In an effort to ride the e-commerce boom, the Postal Service signed a deal in
2010 with China’s state carrier to sell a special service for small packages
entering the U.S. For a small premium, the USPS offered tracking and delivery
confirmation, an essential feature for online retailers, as well as expedited
shipping.

... In 2012, USPS was paid only 94 cents on average for each piece of Chinese
ePacket mail, according to a February report from the Postal Service’s
inspector general’s office.

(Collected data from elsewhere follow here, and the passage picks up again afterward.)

Lemma box_witness x a : is_point x -> occurs x.1 (Box a) -> ~ holds x (Box a) ->
  exists2 z, canon_rel x z & [/\ is_point z, occurs z.1 a & ~ holds z a].
Proof.
move=> px DBa nBa; have [sx cx Cx] := px.
have Hneg : K4C (Imp (charf x) (Neg (Box a))).
  by case: (charf_decides DBa) => [[]|[]].
(* [charf x] proves both □(content ∧ ○reach) and ¬□a, so that conjunction
   with ¬a is consistent, and extends to a point on the window of [x]. *)
have CG : Con (And (And (box_content x) (Next (reach size_bound (step x))))
                   (Neg a)).
  apply: con_box; apply: con_weak Cx.
  by apply: taut_mp2 (charf_box_successor size_bound px) Hneg; prove_tautology.
have [V sV CV] := lindenbaum x.1 CG.
have pz : is_point (x.1, V) by split=> //; apply: con_taut CV; prove_tautology.
have Da : occurs x.1 a by apply: occurs_subs px _ DBa; rewrite inE.
exists (x.1, V); last split=> // Ha.
  apply: successor_rel (@reachP size_bound) px pz _ (shift_iter_empty _) _ => //.
  by apply: con_taut CV; prove_tautology.
apply: (con_contra CV (b := a)); last by apply: ax_taut; prove_tautology.
apply: imp_trans _ (charf_holds (x := (_, V)) sV Ha).
by apply: ax_taut; prove_tautology.
Qed.

Definition canon_val (p : PV) (x : canon_frame) : Prop := holds x (Var p).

That report estimated that the Postal Service was
losing about a dollar on each incoming item, adding up to a $29.4 million net
loss in 2012.

Forums on eBay are filled with angry notes about ePacket. “I must say that it
is simply an economic disaster for US Sellers,” one person wrote. “One product
that we sell for 2.00 with 2.50 shipping a chinese company is selling for .99
with free shipping,” another complained. _

Washington Post: USPS loses millions each year on local delivery of mail from
abroad (2014)
[https://www.washingtonpost.com/news/storyline/wp/2014/09/12/...](https://www.washingtonpost.com/news/storyline/wp/2014/09/12/the-
postal-service-is-losing-millions-a-year-to-help-you-buy-cheap-stuff-from-
china/)

Discussion:
[https://news.ycombinator.com/item?id=14651884](https://news.ycombinator.com/item?id=14651884)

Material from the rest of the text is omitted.